Unnamed: 0,SYMPTOM_TEXT,tf_idf
0,Hot pain at injection site; fever; fatigue; he...,"[(fatigue, 0.26311447814629385), (shoulder, 0...."
1,"Red, hard bump at sight of injection.","[(sight, 0.8407257308020483), (bump, 0.7494285..."
2,"Fast heart rate, head ache, weakness, fever.","[(fast, 0.6029358652222326), (rate, 0.45075618..."
3,Baby had a hard time swallowing food and bottl...,"[(ignored, 0.19372314081478173), (bottle, 0.16..."
4,"Severe ongoing headaches, severe vomiting afte...","[(ongoing, 0.2458748044676316), (severe, 0.227..."
5,Severe headache with ongoing headaches since i...,"[(ongoing, 0.6782753226693286), (since, 0.3342..."
6,Vaccinated 12/17 and got bumps 12/26. Thought ...,"[(got, 0.46389385255004756), (1/1, 0.383892134..."
7,Symptoms included nonstop screaming and franti...,"[(frantic, 0.5193834761635752), (jerky, 0.4786..."
8,"Severe joint and muscle pain, chronic fatigue,...","[(muscle, 0.3552061737644757), (chronic, 0.344..."
9,Extreme swelling on vaccinated leg. Red and h...,"[(irritability, 0.3139702924684907), (walking,..."


# Deliverables 3, 4:
> Respond to Exercise 4. at the end of Chapter 2 of the text.  Extend the consideration of just stems to lemmata and synonyms.  How does the use of a single token, like the stem, lemmata, and one of the terms in each SynSet (a set of all the different words meaning  the same thing in a context), enhance the reliability of identifying the important concepts in a document/corpus?

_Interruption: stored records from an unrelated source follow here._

Section EnvelopingAlgebra.
Variables (K : fieldType) (g : lmodType K) (br : g -> g -> g)
  (L : lmodType K) (brL : L -> L -> L) (pi : g -> L) (HL : is_Lie_quotient br brL pi)
  (U : algType K) (j : L -> U) (HU : is_UEA brL j).
Local Notation jp y := (j (pi y)).

Lemma lie_factor (A : algType K) (rho : g -> A) :
  lie_map br rho -> exists Phi : U -> A, alg_hom Phi /\ forall y, Phi (jp y) = rho y.
Proof.
case=> rhoL rhoB; case: HL => piL [pi_surj [piB pi_ker]].
have rho_ker x : pi x = 0 -> rho x = 0.
  move/pi_ker/(_ _ (subspace_ker rhoL)); apply.
  - by move=> a b Ha; rewrite !rhoB Ha mul0r mulr0 subrr.
  - by move=> s [z ->]; rewrite rhoB subrr.
have rho_pi x y : pi x = pi y -> rho x = rho y.
  move=> Exy; apply/eqP; rewrite -subr_eq0 -(linB rhoL) rho_ker //.
  by rewrite (linB piL) Exy subrr.
have [s sK] := choice pi_surj.
have rho_s : lie_map brL (fun a => rho (s a)).
  by split=> [c a b|a b]; rewrite -?rhoL -?rhoB; apply: rho_pi; rewrite ?piL ?piB !sK.
case: HU => _ /(_ _ _ rho_s) [Phi [PhiH [Phij _]]].
by exists Phi; split=> // y; rewrite Phij; apply: rho_pi; rewrite sK.
Qed.

Lemma enveloping_ind (P : U -> Prop) : subspace P -> P 1 ->
  (forall y u, P u -> P (jp y * u)) -> forall u, P u.
Proof.
move=> HP P1 Pj; apply: (uea_ind HU HP P1) => a u.
by case: HL => _ [/(_ a) [y <-] _]; exact: Pj.
Qed.

Section Actions.
Variables (V : lmodType K) (act : g -> V -> V).
Hypotheses (act_lin : forall y, lin (act y)) (act_linl : forall m, lin (act^~ m)).

Definition act_endo rev y : endo rev (subspaceT V) :=
  Endo (act y) 0 (conj (act_lin y) (fun _ _ => I)).

Lemma act_endo_lie rev :
  (forall y z m, act (br y z) m =
     (act_endo rev y * act_endo rev z) m - (act_endo rev z * act_endo rev y) m) ->
  lie_map br (act_endo rev).
Proof.
move=> actB; split=> [c y z|y z]; apply: endo_ext => [m|];
  rewrite ?endo_lcE ?endo_subE ?actB //=; first exact: act_linl.
- by rewrite !(mulr0, addr0).
- by rewrite !endo_scalarM /= !(mulr0, addr0, oppr0).
Qed.

Lemma exists_left_action :
  (forall y z m, act (br y z) m = act y (act z m) - act z (act y m)) ->
  exists lact : U -> V -> V, left_action lact /\ forall y m, lact (jp y) m = act y m.
Proof.
move=> actB.
have [|Phi [[PhiL [Phi1 PhiM]] Phij]] := lie_factor (act_endo_lie (rev := false) _).
  by move=> y z m; rewrite !endo_mulE.
exists (fun u => endo_fun (Phi u)); split; first split=> [u|m c u v|m|u v m].
- exact: endo_lin.
- by rewrite PhiL endo_lcE.
- by rewrite Phi1.
- by rewrite PhiM endo_mulE.
by move=> y m; rewrite Phij.
Qed.
Lemma line_coord2_inj (V : zmodType) (c d s t : V) (i j : nat) :
  i != j -> i <= 2 -> j <= 2 -> (s *+ 2 = t *+ 2 -> s = t)%R ->
  (c + s *+ i = d + t *+ i)%R -> (c + s *+ j = d + t *+ j)%R -> c = d /\ s = t.
Proof.
wlog lt_ij : i j / i < j.
  move=> wlog_ij ij le_i le_j inj2 ei ej.
  case: (ltngtP i j) => [lt|lt|eq]; last by rewrite eq eqxx in ij.
    exact: wlog_ij i j lt ij le_i le_j inj2 ei ej.
  by apply: (wlog_ij j i lt _ le_j le_i inj2 ej ei); rewrite eq_sym.
move=> _ le_i le_j inj2; case: i j lt_ij le_i le_j => [|[|[|i]]] [|[|[|j]]] //= _ _ _.
- by rewrite !addr0 mulr1n => -> /addrI.
- by rewrite !addr0 => -> /addrI/inj2.
- rewrite !mulr1n !mulr2n !addrA => e1; rewrite e1 => /addrI st; split=> //.
  by move: e1; rewrite st => /addIr.
Qed.

Section CyclicConstruction.
Variables (k off v : nat).
Local Notation m := k.+1.
Hypothesis m_gt6 : 6 < m.
Hypothesis off_ge3 : 3 <= off.
Hypothesis v_eq : v = off + 3 * m.

Fact apex_subproof : 3 <= v.
Proof. by rewrite v_eq; apply: leq_trans (leq_addl off _); apply: leq_pmulr. Qed.
Definition apex (s : 'I_3) : 'I_v := widen_ord apex_subproof s.

Fact group_point_subproof (j : 'I_3) (x : 'I_m) : off + j * m + x < v.
Proof.
rewrite v_eq -addnA ltn_add2l; apply: leq_trans (_ : j.+1 * m <= _).
  by rewrite mulSn addnC ltn_add2r.
by rewrite leq_mul2r ltn_ord orbT.
Qed.
Definition group_point (j : 'I_3) (x : 'I_m) : 'I_v := Ordinal (group_point_subproof j x).

Definition slope (s : 'I_3) : 'I_m := inZp s.
Definition line (c : 'I_m) (s : 'I_3) (j : 'I_3) : 'I_m := (c + slope s *+ j)%R.
Definition cyclic_block s c : {set 'I_v} :=
  apex s |: [set group_point j (line c s j) | j : 'I_3].
Definition cyclic_blocks := [set cyclic_block p.1 p.2 | p : 'I_3 * 'I_m].
Definition apexes := [set apex s | s : 'I_3].

Lemma apex_inj : injective apex.
Proof. by move=> s t /(congr1 val) /= /ord_inj. Qed.

Lemma group_point_inj j j' x x' :
  group_point j x = group_point j' x' -> j = j' /\ x = x'.
Proof.
move/(congr1 val) => /= /eqP; rewrite -!addnA eqn_add2l => /eqP e.
split; apply: val_inj.
  by move: (congr1 (divn^~ m) e) => /=; rewrite !divnMDl // !divn_small ?addn0.
by move: (congr1 (modn^~ m) e) => /=; rewrite !modnMDl !modn_small.
Qed.

Lemma apex_neq_group_point s j x : apex s != group_point j x.
Proof. by apply/eqP => /(congr1 val) /=; have := ltn_ord s; lia. Qed.

Lemma card_apexes : #|apexes| = 3.
Proof. by rewrite card_imset ?card_ord //; apply: apex_inj. Qed.

Lemma cyclic_blockP y s c :
  reflect (y = apex s \/ exists j, y = group_point j (line c s j)) (y \in cyclic_block s c).
Proof.
apply: (iffP setU1P) => [[->|/imsetP[j _ ->]]|[->|[j ->]]]; first (by left);
  by [right; exists j | left | right; apply: imset_f].
Qed.

Lemma apex_cyclic_block t s c : (apex t \in cyclic_block s c) = (t == s).
Proof.
apply/cyclic_blockP/eqP => [[/apex_inj //|[j /eqP]]|->]; last by left.
by rewrite (negPf (apex_neq_group_point _ _ _)).
Qed.

Lemma group_point_cyclic_block j x s c :
  (group_point j x \in cyclic_block s c) = (x == line c s j).
Proof.
apply/cyclic_blockP/eqP => [[/eqP|[i /group_point_inj[-> ->]]] //|->].
  by rewrite eq_sym (negPf (apex_neq_group_point _ _ _)).
by right; exists j.
Qed.

Lemma card_cyclic_block s c : #|cyclic_block s c| = 4.
Proof.
rewrite cardsU1 card_imset => [|i j /group_point_inj[] //].
suff -> : apex s \notin [set group_point j (line c s j) | j : 'I_3] by rewrite card_ord.
by apply/imsetP => -[j _ /eqP]; rewrite (negPf (apex_neq_group_point _ _ _)).
Qed.

Lemma val_slope_mulrn s n : n <= 3 -> val (slope s *+ n)%R = s * n.
Proof.
move=> le_n; rewrite Zp_mulrn /=.
have lt_s : s < m by have := ltn_ord s; lia.
have lt_sn : s * n < m by have := ltn_ord s; nia.
by rewrite (modn_small lt_s) (modn_small lt_sn).
Qed.

Lemma slope_mulrn_inj s t n : 0 < n <= 3 -> (slope s *+ n = slope t *+ n)%R -> s = t.
Proof.
case/andP=> n_gt0 le_n /(congr1 val); rewrite !val_slope_mulrn // => /eqP.
by rewrite eqn_pmul2r // => /eqP /val_inj.
Qed.

Lemma cyclic_block_pair_uniq s t c d (x y : 'I_v) : x != y ->
  x \in cyclic_block s c -> y \in cyclic_block s c ->
  x \in cyclic_block t d -> y \in cyclic_block t d -> s = t /\ c = d.
Proof.
have apex_case i : apex s \in cyclic_block t d ->
    group_point i (line c s i) \in cyclic_block t d -> s = t /\ c = d.
  rewrite apex_cyclic_block group_point_cyclic_block => /eqP st; subst t.
  by rewrite /line => /eqP /addIr.
move=> xy /cyclic_blockP[ex|[i ex]] /cyclic_blockP[ey|[j ey]]; subst x y.
- by rewrite eqxx in xy.
- by move=> ax gy; apply: apex_case ax gy.
- by move=> gx ay; apply: apex_case ay gx.
rewrite !group_point_cyclic_block => /eqP ei /eqP ej.
have ij : i != j :> nat by apply: contraNneq xy => /val_inj ->.
have inj2 : (slope s *+ 2 = slope t *+ 2)%R -> slope s = slope t.
  by move=> /(@slope_mulrn_inj s t 2 isT) ->.
have [cd st] := line_coord2_inj ij (ltn_ord i) (ltn_ord j) inj2 ei ej.
by split=> //; apply: (@slope_mulrn_inj _ _ 1) => //; rewrite st.
Qed.

Lemma cyclic_block_inj s t c d : cyclic_block s c = cyclic_block t d -> s = t /\ c = d.
Proof.
move=> e; apply: (@cyclic_block_pair_uniq s t c d (apex s) (group_point ord0 c)).
- exact: apex_neq_group_point.
- by rewrite apex_cyclic_block.
- by rewrite group_point_cyclic_block /line mulr0n addr0.
- by rewrite -e apex_cyclic_block.
- by rewrite -e group_point_cyclic_block /line mulr0n addr0.
Qed.

Lemma card_cyclic_blocks : #|cyclic_blocks| = 3 * m.
Proof.
rewrite card_imset ?card_prod ?card_ord // => -[s c] [t d] /=.
by case/cyclic_block_inj => -> ->.
Qed.

Lemma cyclic_blocks_packing : is_packing 4 cyclic_blocks.
Proof.
apply/packingP; split=> [_ /imsetP[[s c] _ ->]|]; first exact: card_cyclic_block.
move=> _ _ x y /imsetP[[s c] _ ->] /imsetP[[t d] _ ->] xy x1 y1 x2 y2.
by have [-> ->] := cyclic_block_pair_uniq xy x1 y1 x2 y2.
Qed.

Lemma cyclic_block_meets_apexes b : b \in cyclic_blocks -> ~~ [disjoint b & apexes].
Proof.
case/imsetP => -[s c] _ ->; rewrite -setI_eq0; apply/set0Pn; exists (apex s).
by rewrite inE apex_cyclic_block eqxx imset_f.
Qed.

(* The blocks through (s, s) for the three slopes s are pairwise disjoint:
   their points in group j are the distinct residues s (j + 1). *)
Definition diagonal_blocks := [set cyclic_block s (slope s) | s : 'I_3].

The use of tokens, synonyms, stems. etc. improves the "readabillity" of the text via standardizing the variables that are taken in by the machine learning model. This process makes it possible for the model to compare the interactions of these terms throughout the text by distilling the core meaning behind the word without including gramatical excess. This standardization allows the essential logical functions of asserting equality and interaction of terms across text(s) possible. Without it the algorithm would get caught up on meaningless patterns which exist only to aid human comprehension of text.

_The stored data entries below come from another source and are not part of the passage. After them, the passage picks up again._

Lemma coef_R_odd t : R`_(2 * t + 1) = 0.
Proof.
rewrite coef_R coefXM !coef_He_eq0 ?mul0rn ?addr0 ?if_same //;
  by apply/orP; right; lia.
Qed.

Lemma coef_R_high j : (2 * K + 4 < j)%N -> R`_j = 0.
Proof.
move=> hj; rewrite coef_R coefXM !coef_He_eq0 ?mul0rn ?addr0 ?if_same //;
  apply/orP; left; lia.
Qed.

Lemma coef_He_n_scaled t u : (t + u = K.+2)%N ->
  (He n)`_(2 * t + 1) * (u`! * (2 * t + 1)`! * 2 ^ u)%:R
  = - (2 * u%:R) * ((-1) ^+ u * (n`!)%:R).
Proof.
case: u => [|u] h; first by rewrite coef_He_eq0 ?mul0r //; apply/orP; left; lia.
rewrite (_ : n = 2 * t + 1 + 2 * u)%N; last by lia.
rewrite (_ : (u.+1`! * _ * 2 ^ u.+1 = (u`! * (2 * t + 1)`! * 2 ^ u) * (2 * u.+1))%N);
  last by rewrite factS expnS; ring.
by rewrite natrM mulrA coef_He exprS; ring.
Qed.

Lemma coef_He_n_scaled_shift t u : (t.+1 + u = K.+2)%N ->
  (He n)`_(2 * t + 1) * (u`! * (2 * t.+1 + 1)`! * 2 ^ u)%:R
  = (2 * t.+1%:R * (2 * t.+1%:R + 1)) * ((-1) ^+ u * (n`!)%:R).
Proof.
move=> h; rewrite (_ : n = 2 * t + 1 + 2 * u)%N; last by lia.
rewrite (_ : (2 * t.+1 + 1 = (2 * t + 1).+2)%N); last by lia.
rewrite (factS (2 * t + 1).+1) (factS (2 * t + 1)).
rewrite (_ : (u`! * _ * 2 ^ u = (u`! * (2 * t + 1)`! * 2 ^ u) * ((2 * t + 1).+2 * (2 * t + 1).+1))%N);
  last by ring.
by rewrite natrM mulrA coef_He; ring.
Qed.

Lemma coef_He_n2_scaled t u : (t + u = K.+2)%N ->
  (He (2 * K + 1))`_(2 * t + 1) * (u`! * (2 * t + 1)`! * 2 ^ u)%:R
  = (4 * u%:R * (u%:R - 1)) * ((-1) ^+ u * ((2 * K + 1)`!)%:R).
Proof.
case: u => [|[|u]] h; try by rewrite coef_He_eq0 ?mul0r //; apply/orP; left; lia.
rewrite (_ : (2 * K + 1 = 2 * t + 1 + 2 * u)%N); last by lia.
rewrite (_ : (u.+2`! * _ * 2 ^ u.+2 = (u`! * (2 * t + 1)`! * 2 ^ u) * (4 * u.+2 * u.+1))%N);
  last by rewrite !factS !expnS; ring.
by rewrite natrM mulrA coef_He !exprS; ring.
Qed.

Lemma coef_R_even_scaled t u : (t + u = K.+2)%N ->
  R`_(2 * t) * (u`! * (2 * t + 1)`! * 2 ^ u)%:R
  = (-1) ^+ u * ((2 * K + 1)`! * n * 4 * K.+2 * (2 * t * t.-1 + K.+1))%:R.
Proof.
move=> h.
have hu : u%:R = K%:R + 2 - t%:R :> int.
  by rewrite (_ : u = K.+2 - t)%N ?natrB; [ring | lia | lia].
have fact_n : (n`!)%:R = n%:R * (2 * K + 2)%:R * ((2 * K + 1)`!)%:R :> int.
  by rewrite (_ : n = (2 * K + 1).+2)%N ?factS ?natrM; [ring | lia].
rewrite coef_R !mulrDl mulrnAl -[(2 * t).+1]addn1 (coef_He_n_scaled _ _ h) (coef_He_n2_scaled _ _ h).
case: t h hu => [|t] h hu.
  by rewrite coefXM /= mul0r add0r fact_n hu; ring.
rewrite coefXM (_ : (2 * t.+1 == 0)%N = false) // (_ : (2 * t.+1).-1 = 2 * t + 1)%N; last by lia.
by rewrite (coef_He_n_scaled_shift _ _ h) fact_n hu; ring.
Qed.

Lemma abs_coef_R_even t u : (t + u = K.+2)%N ->
  (`|(R`_(2 * t))%R| * (u`! * (2 * t + 1)`! * 2 ^ u)
   = (2 * K + 1)`! * n * 4 * K.+2 * (2 * t * t.-1 + K.+1))%N.
Proof.
move=> h; have := congr1 (fun z : int => `|z|%N) (coef_R_even_scaled _ _ h).
by rewrite abszM abszMsign !natz !absz_nat.
Qed.

Lemma coef_R_even_neq0 t : (t <= K.+2)%N -> R`_(2 * t) != 0.
Proof.
move=> ht; apply/eqP => R0.
have : (0 < (2 * K + 1)`! * n * 4 * K.+2 * (2 * t * t.-1 + K.+1))%N.
  by rewrite !muln_gt0 fact_gt0; lia.
by rewrite -(abs_coef_R_even t (K.+2 - t)) ?R0 //; lia.
Qed.

Lemma size_R : size R = (2 * K + 5)%N.
Proof.
apply/eqP; rewrite eqn_leq; apply/andP; split.
  by apply/leq_sizeP => j hj; apply: coef_R_high; lia.
rewrite leqNgt; apply/negP => hs.
have /leq_sizeP /(_ (2 * K.+2)%N (leqnn _)) /eqP : (size R <= 2 * K.+2)%N by lia.
exact/negP/coef_R_even_neq0.
Qed.

Lemma nu_R_even t u : (t + u = K.+2)%N ->
  (nu 3 R`_(2 * t) + logn 3 u`! + logn 3 (2 * t + 1)`!
   = logn 3 (2 * K + 1)`! + logn 3 n + logn 3 K.+2 + logn 3 (2 * t * t.-1 + K.+1))%N.
Proof.
move=> h; have := congr1 (logn 3) (abs_coef_R_even _ _ h).
have nz : (0 < `|(R`_(2 * t))%R|)%N by rewrite absz_gt0 coef_R_even_neq0 //; lia.
rewrite /nu !lognM ?muln_gt0 ?fact_gt0 ?expn_gt0 ?nz //=; try nia.
by rewrite lognX (logn_coprime (isT : coprime 3 2)) (logn_coprime (isT : coprime 3 4)); lia.
Qed.

Lemma nu_R_coef0 : (nu 3 R`_0 + logn 3 K.+2`!
  = logn 3 (2 * K + 1)`! + logn 3 n + logn 3 K.+2 + logn 3 K.+1)%N.
Proof. by have := nu_R_even 0 K.+2 erefl; rewrite muln0 addn0. Qed.

(* The drop of valuation at t = 1 is 1 - nu_3(K+2) ... *)
Lemma nu_R_gap_one : (nu 3 R`_0 + logn 3 K.+2 = nu 3 R`_2 + 1)%N.
Proof.
have := nu_R_even 1 K.+1 erefl; rewrite muln1 (_ : 1.-1 = 0)%N // muln0 add0n.
rewrite (_ : logn 3 (2 + 1)`! = 1)%N //.
have := nu_R_coef0; rewrite !factS !lognM ?muln_gt0 ?fact_gt0 //; lia.
Qed.

(* ... and it is at most t - nu_3(K+2) at any 0 < t <= K + 2, using
   nu_3((2t+1)!) <= t and nu_3((K+2-t)!) <= nu_3(K!). *)
Lemma nu_R_gap t : (0 < t <= K.+2)%N ->
  (nu 3 R`_0 + logn 3 K.+2 <= nu 3 R`_(2 * t) + t)%N.
Proof.
case: t => [//|[_|t /andP [_ le_tK]]]; first by rewrite nu_R_gap_one.
have := nu_R_even t.+2 (K - t) ltac:(lia).
have := logn_fact_lt 3 (2 * t.+2 + 1) isT isT.
have := logn_fact_mono 3 (K - t) K (leq_subr _ _).
have := nu_R_coef0; rewrite !factS !lognM ?muln_gt0 ?fact_gt0 //; lia.
Qed.

Lemma nu_gap_R_le j : (0 < j)%N -> R`_j != 0 ->
  nu_gap 3 R j + (logn 3 K.+2)%:R <= 1 / 2 * j%:R.
Proof.
move=> j_gt0 nz_j.
have [t def_j] : exists t, j = (2 * t)%N.
  case/boolP: (odd j) => odd_j; last by exists j./2; lia.
  by move: nz_j; rewrite (_ : j = 2 * j./2 + 1)%N ?coef_R_odd ?eqxx //; lia.
have le_tK : (t <= K.+2)%N.
  by rewrite leqNgt; apply: contra nz_j => ?; rewrite coef_R_high //; lia.
have := nu_R_gap t ltac:(lia); rewrite -(ler_nat rat) !natrD def_j /nu_gap natrM.
lra.
Qed.

Lemma nu_gap_R_two : nu_gap 3 R 2 + (logn 3 K.+2)%:R = 1.
Proof.
have /eqP := nu_R_gap_one; rewrite -(eqr_nat rat) !natrD /nu_gap => /eqP; lra.
Qed.

End CoefficientsOfR.

Theorem mainTheorem18 (n : nat) (hn3 : (3 <= n)%N) (hodd : odd n) :
  exists s : rat, rightmost_edge_slope 3 (R_n2 n) s /\
    ((3 %| n.+1)%N -> s < 1 / 2) /\
    (~~ (3 %| n.+1)%N -> s = 1 / 2).
Proof.
have [K ->] : exists K, n = (2 * K + 3)%N by exists (n./2 - 1)%N; lia.
have [s slope_s] := edge_slope_exists 3 (R_n2 (2 * K + 3)) ltac:(rewrite size_R; lia).
exists s; split=> //.
have -> : (3 %| (2 * K + 3).+1)%N = (0 < logn 3 K.+2)%N.
  rewrite logn_gt0 mem_primes (_ : (2 * K + 3).+1 = 2 * K.+2)%N; last by lia.
  by rewrite Euclid_dvdM.
rewrite -leqNgt leqn0; split=> [v_gt0 | /eqP v0].
  apply: edge_slope_lt slope_s _ => j j_gt0 nz_j.
  by have := nu_gap_R_le K j j_gt0 nz_j; rewrite -(ltr_nat rat) in v_gt0; lra.
apply/eqP; rewrite eq_le; apply/andP; split.
  apply: edge_slope_le slope_s _ => j j_gt0 nz_j.
  by have := nu_gap_R_le K j j_gt0 nz_j; rewrite v0; lra.
apply: (edge_slope_ge _ _ _ _ 2 slope_s) => //; first exact: (coef_R_even_neq0 K 1).
by have := nu_gap_R_two K; rewrite v0; lra.
Qed.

> Briefly describe what each of the outputs show and how their content relates to the material in Chapter 2 of Weiss et al. You can include images of the SAS panels or other software graphical output in your report but do not show the entire tf-idf table, just show the column headings and a few of the rows. If later rows have interesting entries try to just copy those or identify them in other ways and mention why you think they are relevant and/or interesting.

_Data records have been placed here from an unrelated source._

Lemma complement_exists (R : pzRingType) (E : lmodType R) (N B : E -> Prop) :
  is_submod N -> is_submod B ->
  exists C, [/\ is_submod C, (forall v, C v -> B v), indep C N &
    forall z, B z -> z != 0 -> exists b, sum_sub N C (b *: z) /\ b *: z != 0].
Proof.
move=> hN hB.
pose P C := [/\ is_submod C, (forall v, C v -> B v) & indep C N].
have P0 : P (fun v => v = 0).
  split; [split => // | by move=> v ->; apply: sub0 | by move=> v ->].
    by move=> x y -> ->; rewrite addr0.
  by move=> a x ->; rewrite scaler0.
have [|C [[hC CB iC] Cmax]] := zorn_chain P0.
  move=> F FP cF nF; split; first by apply: submod_union => // S /FP [].
    by move=> v [S [FS Sv]]; have [_ h _] := FP _ FS; apply: h.
  by move=> v [S [FS Sv]]; have [_ _ h] := FP _ FS; apply: h.
exists C; split => // z Bz nz; apply: contrapT => hno.
have hno' b : sum_sub N C (b *: z) -> b *: z = 0.
  by move=> hs; apply/eqP; apply: contrapT => /negP nb; apply: hno; exists b.
(* otherwise [C + Rz] would be a larger complement *)
have PC' : P (sum_sub C (cyclic_sub z)).
  split; first by apply: submod_sum => //; apply: submod_cyclic.
  - by move=> _ [c [_ [Cc [b ->] ->]]]; apply: subD => //; [exact: CB | exact: subZ].
  - move=> _ [c [_ [Cc [b ->] ->]]] Nv.
    have bz : b *: z = 0.
      apply: hno'; exists (c + b *: z), (- c); split => //; first exact: subN.
      by rewrite addrC addKr.
    by rewrite bz addr0; apply: iC => //; rewrite bz addr0 in Nv.
have zC : C z.
  apply: (Cmax _ PC'); first by move=> v Cv; apply: sum_subl => //; apply: submod_cyclic.
  by exists 0, z; split; [apply: sub0 | exists 1; rewrite scale1r | rewrite add0r].
by move: nz; rewrite -[z]scale1r hno' ?eqxx //; apply: sum_subr; rewrite ?scale1r.
Qed.

(* Partial isomorphisms between independent submodules, encoded by their
   graphs [S] in [E * E].  A maximal one splits off a square-free part. *)
Section PartialIsomorphisms.
Variables (R : pzRingType) (E : lmodType R).
Implicit Types (S : E * E -> Prop) (Q Z : E -> Prop) (h : E -> E) (x y : E).

Definition domain S v := exists y, S (v, y).
Definition range S v := exists x, S (x, v).

Definition partial_iso S :=
  [/\ is_submod S, (forall y, S (0, y) -> y = 0), (forall x, S (x, 0) -> x = 0)
    & indep (domain S) (range S)].

(* [Z] contains no nonzero submodule [Q] isomorphic, via some [h], to a
   submodule [h Q] of [Z] independent of [Q]. *)
Definition square_free Z := forall Q h,
  is_submod Q -> is_hom h -> (forall q, Q q -> Z q) -> (forall q, Q q -> Z (h q)) ->
  (forall q, Q q -> h q = 0 -> q = 0) ->
  (forall q q', Q q -> Q q' -> q = h q' -> q = 0) -> forall q, Q q -> q = 0.

Lemma domain_submod S : is_submod S -> is_submod (domain S).
Proof.
move=> hS; split; first by exists 0; apply: (sub0 hS).
- by move=> x x' [y Sy] [y' Sy']; exists (y + y'); apply: (subD hS Sy Sy').
- by move=> a x [y Sy]; exists (a *: y); apply: (subZ a hS Sy).
Qed.

Lemma range_submod S : is_submod S -> is_submod (range S).
Proof.
move=> hS; split; first by exists 0; apply: (sub0 hS).
- by move=> y y' [x Sx] [x' Sx']; exists (x + x'); apply: (subD hS Sx Sx').
- by move=> a y [x Sx]; exists (a *: x); apply: (subZ a hS Sx).
Qed.

Lemma partial_iso_fun S x y y' : partial_iso S -> S (x, y) -> S (x, y') -> y = y'.
Proof.
move=> [hS f0 _ _] s1 s2; apply/eqP; rewrite -subr_eq0; apply/eqP/f0.
by rewrite -(subrr x); apply: (subB hS s1 s2).
Qed.

Lemma partial_iso_inj S x x' y : partial_iso S -> S (x, y) -> S (x', y) -> x = x'.
Proof.
move=> [hS _ i0 _] s1 s2; apply/eqP; rewrite -subr_eq0; apply/eqP/i0.
by rewrite -(subrr y); apply: (subB hS s1 s2).
Qed.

The second to last table shown shows terms sorted by the ones that appear in the most number of documents(rows) from the data set. It provides and presents the terms, frequencies, and number of documents the terms were present in, which is needed for the tf-idf scores.
The last table shows the tf-idf values for each row of text, and shows the values given to each word which gives us information about the relative rarity of the word, or the importance of that word that may differentiate it against other documents.